◆ **ASSIGNMENT**
Reproduce the records below exactly, but only between the lines holding "by case Qi: (Q i); [exact: QF|exact: span0]." and "(forall v, H1", inclusive.

Stored data entries:
----

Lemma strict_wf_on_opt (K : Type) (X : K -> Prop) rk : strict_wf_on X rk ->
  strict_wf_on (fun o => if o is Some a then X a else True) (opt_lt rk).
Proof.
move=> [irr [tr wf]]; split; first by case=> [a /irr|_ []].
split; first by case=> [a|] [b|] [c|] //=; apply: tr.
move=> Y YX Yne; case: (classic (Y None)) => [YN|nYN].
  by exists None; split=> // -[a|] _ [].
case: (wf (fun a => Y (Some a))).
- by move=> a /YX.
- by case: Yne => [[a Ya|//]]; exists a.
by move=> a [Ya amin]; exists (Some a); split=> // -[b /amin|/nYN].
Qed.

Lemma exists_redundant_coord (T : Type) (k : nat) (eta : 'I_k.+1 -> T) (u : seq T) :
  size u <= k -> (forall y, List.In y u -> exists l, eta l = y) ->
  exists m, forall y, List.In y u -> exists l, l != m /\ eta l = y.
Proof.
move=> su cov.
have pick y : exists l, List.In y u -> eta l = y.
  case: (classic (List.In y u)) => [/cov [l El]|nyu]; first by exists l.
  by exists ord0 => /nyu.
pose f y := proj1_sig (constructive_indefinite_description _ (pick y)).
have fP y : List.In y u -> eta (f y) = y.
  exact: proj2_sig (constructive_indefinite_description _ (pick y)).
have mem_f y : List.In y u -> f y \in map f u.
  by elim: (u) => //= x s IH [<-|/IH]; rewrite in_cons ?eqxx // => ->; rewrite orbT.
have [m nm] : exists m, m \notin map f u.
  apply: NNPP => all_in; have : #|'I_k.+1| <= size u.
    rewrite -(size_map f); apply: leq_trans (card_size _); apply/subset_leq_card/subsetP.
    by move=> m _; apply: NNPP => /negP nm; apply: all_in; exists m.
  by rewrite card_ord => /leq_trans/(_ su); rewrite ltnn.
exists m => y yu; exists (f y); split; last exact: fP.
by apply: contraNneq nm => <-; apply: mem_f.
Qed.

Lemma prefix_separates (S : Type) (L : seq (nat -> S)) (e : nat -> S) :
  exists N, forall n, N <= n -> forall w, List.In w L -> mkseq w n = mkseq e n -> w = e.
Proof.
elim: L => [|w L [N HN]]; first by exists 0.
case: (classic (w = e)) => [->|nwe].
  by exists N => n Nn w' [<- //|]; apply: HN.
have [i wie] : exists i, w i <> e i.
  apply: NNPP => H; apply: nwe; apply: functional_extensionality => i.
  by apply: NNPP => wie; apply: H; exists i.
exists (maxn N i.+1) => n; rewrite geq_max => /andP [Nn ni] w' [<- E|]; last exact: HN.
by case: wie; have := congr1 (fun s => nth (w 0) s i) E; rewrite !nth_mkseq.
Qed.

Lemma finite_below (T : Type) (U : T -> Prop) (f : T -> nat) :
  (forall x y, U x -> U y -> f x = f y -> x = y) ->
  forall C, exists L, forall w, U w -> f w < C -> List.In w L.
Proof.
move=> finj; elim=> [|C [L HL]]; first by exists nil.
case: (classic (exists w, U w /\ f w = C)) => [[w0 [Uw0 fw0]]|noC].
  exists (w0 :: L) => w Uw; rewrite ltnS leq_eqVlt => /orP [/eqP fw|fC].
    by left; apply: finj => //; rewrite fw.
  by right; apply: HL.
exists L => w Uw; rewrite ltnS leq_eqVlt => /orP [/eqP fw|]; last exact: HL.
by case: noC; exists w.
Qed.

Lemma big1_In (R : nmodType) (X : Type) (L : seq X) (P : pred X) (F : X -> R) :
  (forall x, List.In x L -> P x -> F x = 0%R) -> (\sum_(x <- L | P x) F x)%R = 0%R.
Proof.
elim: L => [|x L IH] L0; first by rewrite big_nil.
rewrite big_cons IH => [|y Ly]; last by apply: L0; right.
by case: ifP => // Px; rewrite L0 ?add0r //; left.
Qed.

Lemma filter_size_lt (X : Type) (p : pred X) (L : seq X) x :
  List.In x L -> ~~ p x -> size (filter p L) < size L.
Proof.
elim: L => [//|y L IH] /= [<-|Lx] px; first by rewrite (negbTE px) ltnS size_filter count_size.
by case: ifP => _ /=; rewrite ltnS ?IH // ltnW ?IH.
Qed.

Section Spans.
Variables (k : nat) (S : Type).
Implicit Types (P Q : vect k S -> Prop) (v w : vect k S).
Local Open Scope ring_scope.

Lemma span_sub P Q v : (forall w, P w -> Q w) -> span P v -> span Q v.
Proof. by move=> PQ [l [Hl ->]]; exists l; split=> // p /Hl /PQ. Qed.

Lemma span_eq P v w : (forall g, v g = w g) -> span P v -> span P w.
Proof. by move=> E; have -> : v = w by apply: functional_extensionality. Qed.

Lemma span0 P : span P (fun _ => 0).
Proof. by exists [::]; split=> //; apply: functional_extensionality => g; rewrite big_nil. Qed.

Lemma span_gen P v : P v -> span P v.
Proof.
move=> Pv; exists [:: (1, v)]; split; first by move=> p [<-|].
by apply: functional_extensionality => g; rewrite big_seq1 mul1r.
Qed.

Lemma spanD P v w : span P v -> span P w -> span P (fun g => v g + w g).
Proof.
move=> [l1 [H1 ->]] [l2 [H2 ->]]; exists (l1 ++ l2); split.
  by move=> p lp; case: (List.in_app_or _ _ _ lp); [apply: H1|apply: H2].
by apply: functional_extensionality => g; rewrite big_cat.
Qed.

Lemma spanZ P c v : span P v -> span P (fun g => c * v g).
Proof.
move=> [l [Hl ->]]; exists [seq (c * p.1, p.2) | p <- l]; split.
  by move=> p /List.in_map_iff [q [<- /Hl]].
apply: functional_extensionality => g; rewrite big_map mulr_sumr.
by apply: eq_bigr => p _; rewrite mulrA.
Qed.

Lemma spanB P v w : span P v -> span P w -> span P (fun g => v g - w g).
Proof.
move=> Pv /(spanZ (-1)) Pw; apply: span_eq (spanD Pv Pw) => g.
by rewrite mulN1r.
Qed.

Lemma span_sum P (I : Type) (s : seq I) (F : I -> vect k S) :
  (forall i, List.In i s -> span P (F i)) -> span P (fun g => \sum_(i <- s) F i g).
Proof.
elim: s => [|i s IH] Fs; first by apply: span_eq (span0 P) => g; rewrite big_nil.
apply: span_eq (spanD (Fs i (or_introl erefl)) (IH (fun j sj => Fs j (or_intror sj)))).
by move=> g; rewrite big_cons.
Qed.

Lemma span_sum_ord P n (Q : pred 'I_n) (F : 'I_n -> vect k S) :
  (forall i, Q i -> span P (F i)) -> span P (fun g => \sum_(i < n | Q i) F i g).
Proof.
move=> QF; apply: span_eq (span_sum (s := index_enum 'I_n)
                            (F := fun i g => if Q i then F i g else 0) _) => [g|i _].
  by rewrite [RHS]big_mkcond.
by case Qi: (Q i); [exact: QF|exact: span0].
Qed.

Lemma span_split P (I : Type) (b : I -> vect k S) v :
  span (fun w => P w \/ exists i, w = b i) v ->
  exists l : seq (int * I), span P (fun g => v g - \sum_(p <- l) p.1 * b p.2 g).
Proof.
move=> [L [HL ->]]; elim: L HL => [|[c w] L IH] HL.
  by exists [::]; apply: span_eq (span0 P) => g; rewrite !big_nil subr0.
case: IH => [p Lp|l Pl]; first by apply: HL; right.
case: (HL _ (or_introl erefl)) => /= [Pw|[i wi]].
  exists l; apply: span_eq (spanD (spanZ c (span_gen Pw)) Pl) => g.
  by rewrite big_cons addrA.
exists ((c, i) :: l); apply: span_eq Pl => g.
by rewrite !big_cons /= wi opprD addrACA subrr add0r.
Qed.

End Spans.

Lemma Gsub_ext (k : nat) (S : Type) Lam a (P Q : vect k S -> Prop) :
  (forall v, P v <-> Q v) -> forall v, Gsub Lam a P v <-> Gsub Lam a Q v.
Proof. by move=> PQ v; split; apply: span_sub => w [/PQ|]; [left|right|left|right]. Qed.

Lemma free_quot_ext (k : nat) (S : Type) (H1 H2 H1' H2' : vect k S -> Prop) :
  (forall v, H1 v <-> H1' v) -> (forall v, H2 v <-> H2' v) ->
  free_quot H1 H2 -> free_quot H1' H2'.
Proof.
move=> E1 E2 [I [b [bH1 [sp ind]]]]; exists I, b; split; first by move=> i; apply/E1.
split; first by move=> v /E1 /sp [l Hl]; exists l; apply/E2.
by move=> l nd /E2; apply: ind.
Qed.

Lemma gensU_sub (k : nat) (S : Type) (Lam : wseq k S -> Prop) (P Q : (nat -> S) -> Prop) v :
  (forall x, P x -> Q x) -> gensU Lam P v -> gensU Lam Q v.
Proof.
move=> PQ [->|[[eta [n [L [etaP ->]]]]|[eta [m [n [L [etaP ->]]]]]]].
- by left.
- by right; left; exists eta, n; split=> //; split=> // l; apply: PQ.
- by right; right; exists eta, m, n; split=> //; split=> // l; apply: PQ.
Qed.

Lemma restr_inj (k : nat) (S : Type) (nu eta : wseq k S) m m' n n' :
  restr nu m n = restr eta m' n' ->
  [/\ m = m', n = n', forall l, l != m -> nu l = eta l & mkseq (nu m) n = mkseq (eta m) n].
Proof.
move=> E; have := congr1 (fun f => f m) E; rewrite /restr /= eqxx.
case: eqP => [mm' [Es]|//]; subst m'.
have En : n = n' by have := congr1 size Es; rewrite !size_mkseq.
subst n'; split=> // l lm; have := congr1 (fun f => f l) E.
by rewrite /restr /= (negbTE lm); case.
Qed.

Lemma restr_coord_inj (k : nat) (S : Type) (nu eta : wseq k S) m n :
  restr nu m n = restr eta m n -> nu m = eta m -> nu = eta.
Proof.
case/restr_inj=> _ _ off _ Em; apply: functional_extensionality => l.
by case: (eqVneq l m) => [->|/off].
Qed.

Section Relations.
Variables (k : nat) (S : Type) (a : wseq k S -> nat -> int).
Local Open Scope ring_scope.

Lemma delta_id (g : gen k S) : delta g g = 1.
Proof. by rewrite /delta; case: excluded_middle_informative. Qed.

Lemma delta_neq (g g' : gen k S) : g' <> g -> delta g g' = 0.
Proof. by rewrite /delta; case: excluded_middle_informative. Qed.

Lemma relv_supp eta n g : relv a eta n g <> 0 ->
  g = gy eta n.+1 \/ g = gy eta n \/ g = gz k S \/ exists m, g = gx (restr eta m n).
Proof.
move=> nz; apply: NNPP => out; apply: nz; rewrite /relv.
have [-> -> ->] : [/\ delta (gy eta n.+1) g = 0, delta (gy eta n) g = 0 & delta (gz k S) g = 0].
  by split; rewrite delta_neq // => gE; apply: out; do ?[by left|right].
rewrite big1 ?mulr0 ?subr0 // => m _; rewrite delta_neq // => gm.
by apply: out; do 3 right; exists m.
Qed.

----

◆ **WRITTEN RESPONSE**
by case Qi: (Q i); [exact: QF|exact: span0].
Qed.

Lemma span_split P (I : Type) (b : I -> vect k S) v :
  span (fun w => P w \/ exists i, w = b i) v ->
  exists l : seq (int * I), span P (fun g => v g - \sum_(p <- l) p.1 * b p.2 g).
Proof.
move=> [L [HL ->]]; elim: L HL => [|[c w] L IH] HL.
  by exists [::]; apply: span_eq (span0 P) => g; rewrite !big_nil subr0.
case: IH => [p Lp|l Pl]; first by apply: HL; right.
case: (HL _ (or_introl erefl)) => /= [Pw|[i wi]].
  exists l; apply: span_eq (spanD (spanZ c (span_gen Pw)) Pl) => g.
  by rewrite big_cons addrA.
exists ((c, i) :: l); apply: span_eq Pl => g.
by rewrite !big_cons /= wi opprD addrACA subrr add0r.
Qed.

End Spans.

Lemma Gsub_ext (k : nat) (S : Type) Lam a (P Q : vect k S -> Prop) :
  (forall v, P v <-> Q v) -> forall v, Gsub Lam a P v <-> Gsub Lam a Q v.
Proof. by move=> PQ v; split; apply: span_sub => w [/PQ|]; [left|right|left|right]. Qed.

Lemma free_quot_ext (k : nat) (S : Type) (H1 H2 H1' H2' : vect k S -> Prop) :
  (forall v, H1 v <-> H1' v) -> (forall v, H2 v <-> H2' v) ->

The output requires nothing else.